When I rambled on about the circle of fifths, one of the things baked into it was the way there are twelve semi-tones in an octave. Various web pages discuss the golden ratio as an explanation for the number of notes, on the grounds that if you include the octave note there are 13 semi-tones, 8 white notes, and then 5 black notes. Hmmm.
So, what's the real thing that controls the number of notes in an octave? It basically comes down to having a note that's very close to a fifth. That is, given even-tempering, so that each semi-tone is the same ratio above the previous note, there is a note very close to 1.5x the base note. As it happens, with a twelve note scale, 2^(7/12) = 1.4983.
Put another way, what we're looking for is good rational approximations to log_2 1.5. And a really useful tool here is ... continued fractions! Continued fractions rock, and I'm rather disappointed they never appeared in the first year of undergrad maths I did.
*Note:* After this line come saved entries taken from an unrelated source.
(* Hence A embeds linearly into a finite-dimensional space of coefficient
   matrices: each a in A is recorded by the coordinates of finitely many slices
   of its left translate of Delta(Lam). *)
Lemma left_eigenvector_fin_dim : fin_dim A.
Proof.
have [n [e [phi [lphi _ span]]]] := biorthogonal_system (map fst (cop Lam)).
pose m := size (cop Lam); pose leg i := (nth (0, 0) (cop Lam) i).2.
pose slice j a := \sum_(r <- cop Lam) phi j r.1 *: (a * r.2).
pose T a (M : 'M[k]_(n, m)) := forall j : 'I_n, slice j a = \sum_(i < m) M j i *: leg i.
apply: (@fin_dim_of_linear_relation _ _ _ A T sA).
- move=> j; rewrite /slice big1 => [|r _]; last by rewrite mul0r scaler0.
  by rewrite big1 // => i _; rewrite mxE scale0r.
- move=> c a b M N TaM TbN j; rewrite /slice.
  transitivity (c *: slice j a + slice j b).
    rewrite /slice scaler_sumr -big_split; apply: eq_bigr => r _ /=.
    by rewrite mulrDl scalerDr -scalerAl !scalerA [_ * c]mulrC.
  rewrite TaM TbN scaler_sumr -big_split; apply: eq_bigr => i _ /=.
  by rewrite !mxE scalerDl scalerA.
- move=> a Aa; have [sa [saA ta]] := coideal Aa.
  pose leg1 i := (nth (0, 0) (cop Lam) i).1.
  exists (\matrix_(j, i) \sum_(p <- sa) mu p.2 * phi j (S p.1 * leg1 i)).
  move=> j; rewrite /slice (translate_slice saA ta (lphi j)) (big_nth (0, 0)) big_mkord.
  by apply: eq_bigr => i _; rewrite mxE.
- move=> a Aa Ta0; apply: translate_inj => // f lf.
  transitivity (\sum_(j < n) f (e j) *: slice j a); last first.
    by apply: big1 => j _; rewrite Ta0 big1 ?scaler0 // => i _; rewrite mxE scale0r.
  rewrite /slice; under [RHS]eq_bigr do rewrite scaler_sumr.
  rewrite exchange_big /= big_seq [RHS]big_seq; apply: eq_bigr => r /(map_f fst) /span r1E.
  rewrite {1}r1E lin_fun_sum // scaler_suml; apply: eq_bigr => j _.
  by rewrite lin_funZ // scalerA mulrC.
Qed.
End LeftEigenvector.

Section AntipodeAntimultiplicative.
Variables (k : fieldType) (H : algType k) (HS : hopf_struct H).
Local Notation lin := (@lin_fun k H).
Local Notation cop := (cop HS).
Local Notation eps := (eps HS).
Local Notation S := (antipode HS).
Let S_lin : lin_map S := antipode_lin HS.

Lemma antipode1 : S 1 = 1.
Proof.
apply: functional_eq => h lh.
have bB : bilinear (fun u v => h (S u * v)) by linearity.
have := teq2_bilinear (cop_one HS) bB; rewrite big_seq1 mulr1 => <-.
by rewrite -lin_fun_sum // antipode_l eps_one scale1r.
Qed.

Lemma eps_mul_unit a b : (eps a * eps b) *: (1 : H) =
  \sum_(u <- cop a) \sum_(v <- cop b) u.1 * (v.1 * S v.2) * S u.2.
Proof.
transitivity (\sum_(u <- cop a) u.1 * (eps b *: 1) * S u.2); last first.
  by apply: eq_bigr => u _; rewrite -antipode_r mulr_sumr mulr_suml.
under eq_bigr do rewrite -scalerAr -scalerAl mulr1.
by rewrite -scaler_sumr antipode_r scalerA mulrC.
Qed.

(* S(a_1 b_1) a_2 b_2 = eps(a) eps(b) 1, i.e. S o m is a left convolution
   inverse of m on H (x) H. *)
Lemma antipode_mul_contract a b z h : lin h ->
  \sum_(u <- cop a) \sum_(v <- cop b) h (S (u.1 * v.1) * ((u.2 * v.2) * z)) =
  eps a * eps b * h z.
Proof.
move=> lh.
rewrite -(@cop_eval_mul _ _ HS (fun u v => h (S u * (v * z)))); last by linearity.
by rewrite -lin_fun_sum // antipode_contract_l eps_mul lin_funZ.
Qed.

(* S(xy) = S(x_1 y_1) x_2 y_2 S(y_3) S(x_3): insert
   eps(x_2) eps(y_2) 1 = x_2 y_2 S(y_3) S(x_3) and reassociate by coassociativity. *)
Lemma antipode_mul_expand x y h : lin h ->
  h (S (x * y)) = \sum_(p <- cop x) \sum_(q <- cop y) \sum_(u <- cop p.1)
    \sum_(v <- cop q.1) h (S (u.1 * v.1) * ((u.2 * v.2) * (S q.2 * S p.2))).
Proof.
move=> lh.
transitivity (\sum_(p <- cop x) \sum_(q <- cop y) eps p.2 * eps q.2 * h (S (p.1 * q.1))).
  rewrite -{1}(counit_r HS (x * y)) lin_map_sum ?lin_fun_sum //.
  under eq_bigr do rewrite lin_mapZ ?lin_funZ //.
  rewrite (@cop_eval_mul _ _ HS (fun u v => eps v * h (S u))); last first.
    by split=> [v|u]; [linearity | apply: lin_fun_mulr (eps_lin HS)].
  by apply: eq_bigr => p _; apply: eq_bigr => q _; rewrite eps_mul.
transitivity (\sum_(p <- cop x) \sum_(u <- cop p.2) \sum_(q <- cop y) \sum_(v <- cop q.2)
    h (S (p.1 * q.1) * (u.1 * (v.1 * S v.2) * S u.2))).
  apply: eq_bigr => p _; rewrite exchange_big; apply: eq_bigr => q _ /=.
  rewrite -lin_funZ // -[_ *: S _]mulr1 -scalerAl scalerAr eps_mul_unit.
  rewrite mulr_sumr lin_fun_sum //.
  by apply: eq_bigr => u _; rewrite mulr_sumr lin_fun_sum.
rewrite -(@coassoc_eval _ _ HS (fun a b c => \sum_(q <- cop y) \sum_(v <- cop q.2)
    h (S (a * q.1) * (b * (v.1 * S v.2) * S c)))); last by linearity.
apply: eq_bigr => p _; rewrite [RHS](exchange_big_dep xpredT) //=; apply: eq_bigr => u _.
rewrite -(@coassoc_eval _ _ HS (fun a b c => h (S (u.1 * a) * (u.2 * (b * S c) * S p.2))));
  last by linearity.
by apply: eq_bigr => q' _; apply: eq_bigr => v _; rewrite !mulrA.
Qed.

(* The antipode is anti-multiplicative: contract S(x_1 y_1) x_2 y_2 to
   eps(x_1) eps(y_1) in the expansion above. *)
Lemma antipode_antimul x y : S (x * y) = S y * S x.
Proof.
apply: functional_eq => h lh; rewrite antipode_mul_expand //.
transitivity (\sum_(p <- cop x) \sum_(q <- cop y) eps p.1 * eps q.1 * h (S q.2 * S p.2)).
  by apply: eq_bigr => p _; apply: eq_bigr => q _; rewrite antipode_mul_contract.
rewrite -{2}(counit_l HS x) -{2}(counit_l HS y) !(lin_map_sum _ _ S_lin).
rewrite mulr_sumr lin_fun_sum //; apply: eq_bigr => p _.
rewrite mulr_suml lin_fun_sum //; apply: eq_bigr => q _.
by rewrite !(lin_mapZ _ _ S_lin) -scalerAl -scalerAr !lin_funZ // mulrA [eps q.1 * _]mulrC.
Qed.
End AntipodeAntimultiplicative.

Section OppositeHopfAlgebra.
Variables (k : fieldType) (H : algType k).

HB.instance Definition _ := GRing.Lmodule.on H^c.

Lemma converse_scalerAl (a : k) (u v : H^c) : a *: (u * v) = (a *: u : H^c) * v.
Proof. exact: (scalerAr a (v : H) (u : H)). Qed.
HB.instance Definition _ := GRing.Lmodule_isLalgebra.Build k H^c converse_scalerAl.

Lemma converse_scalerAr (a : k) (u v : H^c) : a *: (u * v) = u * (a *: v : H^c).
Proof. exact: (scalerAl a (v : H) (u : H)). Qed.
HB.instance Definition _ := GRing.Lalgebra_isAlgebra.Build k H^c converse_scalerAr.

Variables (HS : hopf_struct H) (Si : H -> H).
Hypotheses (SK : cancel (antipode HS) Si) (SiK : cancel Si (antipode HS)).

(* H^op, with the same coproduct and counit, is a Hopf algebra whose antipode is
   the inverse of S; the antipode axioms transfer because S is
   anti-multiplicative and S(1) = 1. *)
Lemma opposite_cop_mul (x y : H^c) : teq2 (cop HS (x * y))
  [seq ((p.1 : H^c) * q.1, (p.2 : H^c) * q.2) | p <- cop HS x, q <- cop HS y].
Proof.
move=> f g lf lg; rewrite (cop_mul HS y x lf lg) !big_allpairs_dep /=.
exact: exchange_big.
Qed.

Lemma opposite_antipode_l (x : H) : \sum_(p <- cop HS x) p.2 * Si p.1 = eps HS x *: 1.
Proof.
apply: (can_inj SK); rewrite (lin_map_sum _ _ (antipode_lin HS)).
rewrite (lin_mapZ _ _ (antipode_lin HS)) antipode1 -antipode_r.
by apply: eq_bigr => p _; rewrite antipode_antimul SiK.
Qed.

Lemma opposite_antipode_r (x : H) : \sum_(p <- cop HS x) Si p.2 * p.1 = eps HS x *: 1.
Proof.
apply: (can_inj SK); rewrite (lin_map_sum _ _ (antipode_lin HS)).
rewrite (lin_mapZ _ _ (antipode_lin HS)) antipode1 -antipode_l.
by apply: eq_bigr => p _; rewrite antipode_antimul SiK.
Qed.

Definition opposite_hopf : hopf_struct H^c :=
  @HopfStruct k H^c (cop HS) (eps HS) Si (cop_lin HS) opposite_cop_mul (cop_one HS)
    (coassoc HS) (eps_lin HS)
    (fun x y => etrans (eps_mul HS y x) (mulrC _ _)) (eps_one HS)
    (counit_l HS) (counit_r HS) (lin_map_inv (antipode_lin HS) SK SiK)
    opposite_antipode_l opposite_antipode_r
    (ex_intro _ (antipode HS) (conj SiK SK)).
End OppositeHopfAlgebra.

Theorem mainTheorem8 (k : fieldType) (H : algType k) (HS : hopf_struct H)
  (A : H -> Prop) (mu : H -> k) :
  left_coideal_subalgebra HS A ->
  mult_functional A mu -> nonzero_on A mu ->
  pos_dim (L_mu A mu) \/ pos_dim (R_mu A mu) ->
  fin_dim A.
Proof.
move=> [A0 _ Ac _ coideal] _ _ eigen; have sA : subspace A by [].
case: eigen => [[Lam [[_ LamA] Lam0]] | [Lam [[_ LamA] Lam0]]].
  exact: (left_eigenvector_fin_dim sA coideal LamA Lam0).
(* A right eigenvector of A in H is a left eigenvector of A in H^op. *)
have [Si [SK SiK]] := antipode_inv HS.
exact: (@left_eigenvector_fin_dim _ _ (opposite_hopf SK SiK) A mu Lam sA coideal LamA Lam0).
Qed.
In the end, I learnt about them as a side-effect of learning some number theory for Project Euler.
Continued fractions provide a nice way of created truncated rational approximations to irrational numbers. So, log_2 1.5 is 1/(1 + (1/(1 + 1/(2 + 1/(2 + 1/(3 + ...)))))). According to the Wikipedia page algorithm, the approximations in increasing order of accuracy are 1, 1/2, 2/3, 3/5, 4/7, 7/12, 17/29, 24/41.
So, a 12-note scale is as good as it gets, unless you want a 29-note or 41-note scale. And that sounds excessively complicated.
Where did this Fibonacci/golden ratio business come from? Well, phi = 0.61803..., and log_2 1.5 = 0.58496..., so if you're looking for mystical numbers around 0.6, you might assume the golden ratio's involved. It comes up everywhere else, and 7/12 makes you think of 8/13. A case of mistaken identity!
Posted 2013-02-04.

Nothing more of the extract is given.